Thomas Ptacek's 2025-03-27 retrospective written as Fly.io hands off internal ownership of the Macaroon stack to a new owner. Two-years-in assessment: the user-facing pitch for Macaroons (users can edit their own tokens, email them to partners) is a mixed bag — "users don't really take advantage of token features" — but Fly.io has gotten a pile of infrastructure wins internally, to the point that the token system is "one of the nicer parts of our platform." The post is a ground- tour of how they built it: an isolated 5000-line Go service called tkdb managing a SQLite database fronted by LiteFS (subsecond replication US→EU/AU + primary failover) and Litestream (PITR to object storage); a hipster-implemented Noise channel layered on HTTP for RPC; client-side verification caching hitting >98%; a revocation subscription feed that lets clients prune caches reactively rather than polling; a dedicated third-party- caveat-strip API for service tokens that keeps authenticator "hazmat" off worker hosts; and comprehensive OpenTelemetry + Honeycomb + permanent-OpenSearch audit trail. Two companion observations: (1) Macaroons are online-stateful"you need a database somewhere" — so architectural quality is all about where that database lives; and (2) "[[concepts/keep-hazmat-away-from- complex-code|a basic rule of thumb in secure design is: keep hazmat away from complicated code]]" is the post's explicitly-stated design principle. Fly.io is self-described as "allergic to microservices" but concedes tkdb (and a sibling secret service Pet Semetary) "pulled their weight" — canonical wiki instance of the narrow-purpose-security-microservice carve-out from a microservices-skeptical culture.

Key takeaways

  1. Macaroons are online-stateful — tkdb is the DB that backs them. "A Macaroon token starts with a random field (a nonce) and the first thing you do when verifying a token is to look that nonce up in a database." The most important Fly.io architectural decision was where that DB lives: not in the primary API cluster. Two reasons stated: (a) scalability + reliability — "far and away the most common failure mode of an outage on our platform is 'deploys are broken' … It would not be OK if 'deploys are broken' transitively meant 'deployed apps can't use security tokens.'" (b) security — "root secrets for Macaroon tokens are hazmat, and a basic rule of thumb in secure design is: keep hazmat away from complicated code." (Source: article body.)

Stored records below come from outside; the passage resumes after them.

Definition ret_step : pexp :=
  EIfz r_cont EVar
   (ECase (EFs r_frame)
     [ mk_eval (EFs r_data) (ESn r_data) (mk_frame 1 r_val r_rest);
       mk_ret (EPr r_data r_val) r_rest;
       mk_eval r_data r_val r_rest;
       mk_eval (EFs r_data) (EPr (EFs (ESn r_data)) (EPr (ESn (ESn r_data)) r_val)) r_rest;
       EIfz r_val (mk_ret (ESn (ESn r_data)) r_rest)
         (mk_eval (EFs r_data) (EPr (EFs (ESn r_data)) (ES (ESn (ESn r_data))))
            (mk_frame 4 (EPr (EFs r_data) (EPr (EFs (ESn r_data)) (ES (ESn (ESn r_data)))))
               r_rest)) ] EVar).

Definition step_exp : pexp := EIfz (EFs EVar) eval_step ret_step.
Definition step : nat -> nat := denote step_exp.

Ltac unfold_step :=
  unfold step, step_exp, eval_step, ret_step, cfg_eval, cfg_ret, frame;
  repeat (cbn [denote]; rewrite ?denote_ECase, ?denote_EConst, ?fstn_cpair, ?sndn_cpair;
          cbn [map nth pred]);
  unfold mk_eval, mk_ret, mk_frame;
  repeat (cbn [denote]; rewrite ?denote_ECase, ?denote_EConst, ?fstn_cpair, ?sndn_cpair;
          cbn [map nth pred]).

Lemma step_zero x K : step (cfg_eval (code PZero) x K) = cfg_ret 0 K.
Proof. cbn [code]. unfold_step. reflexivity. Qed.
Lemma step_succ x K : step (cfg_eval (code PSucc) x K) = cfg_ret (S x) K.
Proof. cbn [code]. unfold_step. reflexivity. Qed.
Lemma step_id x K : step (cfg_eval (code PId) x K) = cfg_ret x K.
Proof. cbn [code]. unfold_step. reflexivity. Qed.
Lemma step_fst a b K : step (cfg_eval (code PFst) (cpair a b) K) = cfg_ret a K.
Proof. cbn [code]. unfold_step. reflexivity. Qed.
Lemma step_snd a b K : step (cfg_eval (code PSnd) (cpair a b) K) = cfg_ret b K.
Proof. cbn [code]. unfold_step. reflexivity. Qed.
Lemma step_pair f g x K :
  step (cfg_eval (code (PPair f g)) x K) = cfg_eval (code f) x (frame 0 (cpair (code g) x) K).
Proof. cbn [code]. unfold_step. reflexivity. Qed.
Lemma step_comp f g x K :
  step (cfg_eval (code (PComp f g)) x K) = cfg_eval (code g) x (frame 2 (code f) K).
Proof. cbn [code]. unfold_step. reflexivity. Qed.
Lemma step_rec0 f g x K :
  step (cfg_eval (code (PRec f g)) (cpair x 0) K) = cfg_eval (code f) x K.
Proof. cbn [code]. unfold_step. reflexivity. Qed.
Lemma step_recS f g x y K :
  step (cfg_eval (code (PRec f g)) (cpair x (S y)) K) =
  cfg_eval (code (PRec f g)) (cpair x y) (frame 3 (cpair (code g) (cpair x y)) K).
Proof. cbn [code]. unfold_step. reflexivity. Qed.
Lemma step_min f x K :
  step (cfg_eval (code (PMin f)) x K) =
  cfg_eval (code f) (cpair x 0) (frame 4 (cpair (code f) (cpair x 0)) K).
Proof. cbn [code]. unfold_step. reflexivity. Qed.
Lemma step_ret_pair1 v g x K :
  step (cfg_ret v (frame 0 (cpair g x) K)) = cfg_eval g x (frame 1 v K).
Proof. unfold_step. reflexivity. Qed.
Lemma step_ret_pair2 a b K : step (cfg_ret b (frame 1 a K)) = cfg_ret (cpair a b) K.
Proof. unfold_step. reflexivity. Qed.
Lemma step_ret_comp v f K : step (cfg_ret v (frame 2 f K)) = cfg_eval f v K.
Proof. unfold_step. reflexivity. Qed.
Lemma step_ret_rec v g a y K :
  step (cfg_ret v (frame 3 (cpair g (cpair a y)) K)) = cfg_eval g (cpair a (cpair y v)) K.
Proof. unfold_step. reflexivity. Qed.
Lemma step_ret_min0 f x z K :
  step (cfg_ret 0 (frame 4 (cpair f (cpair x z)) K)) = cfg_ret z K.
Proof. unfold_step. reflexivity. Qed.
Lemma step_ret_minS v f x z K :
  step (cfg_ret (S v) (frame 4 (cpair f (cpair x z)) K)) =
  cfg_eval f (cpair x (S z)) (frame 4 (cpair f (cpair x (S z))) K).
Proof. unfold_step. reflexivity. Qed.
Lemma step_halt v : step (cfg_ret v 0) = cfg_ret v 0.
Proof. unfold_step. reflexivity. Qed.

Definition reach (a b : nat) : Prop := exists s, Nat.iter s step a = b.

Lemma reach_refl a : reach a a.
Proof. exists 0; reflexivity. Qed.

Lemma reach_trans a b c : reach a b -> reach b c -> reach a c.
Proof. intros [s1 H1] [s2 H2]. exists (s2 + s1). rewrite Nat.iter_add, H1, H2. reflexivity. Qed.

Lemma reach_step a b : step a = b -> reach a b.
Proof. intro H; exists 1; exact H. Qed.

Lemma reach_min_search f x y K :
  (forall z, z < y -> exists v,
     forall K', reach (cfg_eval (code f) (cpair x z) K') (cfg_ret (S v) K')) ->
  reach (cfg_eval (code (PMin f)) x K)
        (cfg_eval (code f) (cpair x y) (frame 4 (cpair (code f) (cpair x y)) K)).
Proof.
  intro Hbelow. eapply reach_trans; [apply reach_step, step_min|].
  induction y as [|y IH]; [apply reach_refl|].
  eapply reach_trans; [apply IH; intros z Hz; apply Hbelow; lia|].
  destruct (Hbelow y (Nat.lt_succ_diag_r y)) as [v Hv].
  eapply reach_trans; [apply Hv|]. apply reach_step, step_ret_minS.
Qed.

Fixpoint eval_reach c x y (H : eval c x y) {struct H} :
  forall K, reach (cfg_eval (code c) x K) (cfg_ret y K).
Proof.
  destruct H as [| | |a b|a b|f g n a b Hf Hg|f g n b d Hg Hf|f g x a Hf
                 |f g x y b d Hr Hg|f x y Hf Hbelow]; intro K.
  - apply reach_step, step_zero.
  - apply reach_step, step_succ.
  - apply reach_step, step_id.
  - apply reach_step, step_fst.
  - apply reach_step, step_snd.
  - eapply reach_trans; [apply reach_step, step_pair|].
    eapply reach_trans; [apply (eval_reach _ _ _ Hf)|].
    eapply reach_trans; [apply reach_step, step_ret_pair1|].
    eapply reach_trans; [apply (eval_reach _ _ _ Hg)|].
    apply reach_step, step_ret_pair2.
  - eapply reach_trans; [apply reach_step, step_comp|].
    eapply reach_trans; [apply (eval_reach _ _ _ Hg)|].
    eapply reach_trans; [apply reach_step, step_ret_comp|].
    apply (eval_reach _ _ _ Hf).
  - eapply reach_trans; [apply reach_step, step_rec0|]. apply (eval_reach _ _ _ Hf).
  - eapply reach_trans; [apply reach_step, step_recS|].
    eapply reach_trans; [apply (eval_reach _ _ _ Hr)|].
    eapply reach_trans; [apply reach_step, step_ret_rec|].
    apply (eval_reach _ _ _ Hg).
  - eapply reach_trans.
    + apply reach_min_search. intros z Hz. destruct (Hbelow z Hz) as [v Hv].
      exists v. exact (eval_reach _ _ _ Hv).
    + eapply reach_trans; [apply (eval_reach _ _ _ Hf)|]. apply reach_step, step_ret_min0.
Qed.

  2. tkdb — 5,000 lines of Go managing SQLite via LiteFS + Litestream. Runs on isolated hardware in US, EU, and AU regions; DB records encrypted with an injected secret. LiteFS gives subsecond US→EU/AU replication + primary failover; Litestream gives PITR to object storage. "The entire tkdb database is just a couple dozen megs large. Most of that data isn't real. A full PITR recovery of the database takes just seconds. We use SQLite for a lot of our infrastructure, and this is one of the very few well-behaved databases we have." Writes are rare — only two write paths in practice: (a) HMAC root-key insertion when a Fly.io org is created, and (b) revocation-list appends. (Source: article body.)
  3. The database is small because Macaroons attenuate offline. "There's actually not much for us to store! The most complicated possible Macaroon still chains up to a single root key (we generate a key per Fly.io 'organization'; you don't share keys with your neighbors), and everything that complicates that Macaroon happens 'offline'. We take advantage of 'attenuation' far more than our users do." Offline attenuation means additional caveats get hashed onto the chain by whoever is using the token, without touching tkdb — so adding restrictions scales linearly with use rather than with token-system throughput.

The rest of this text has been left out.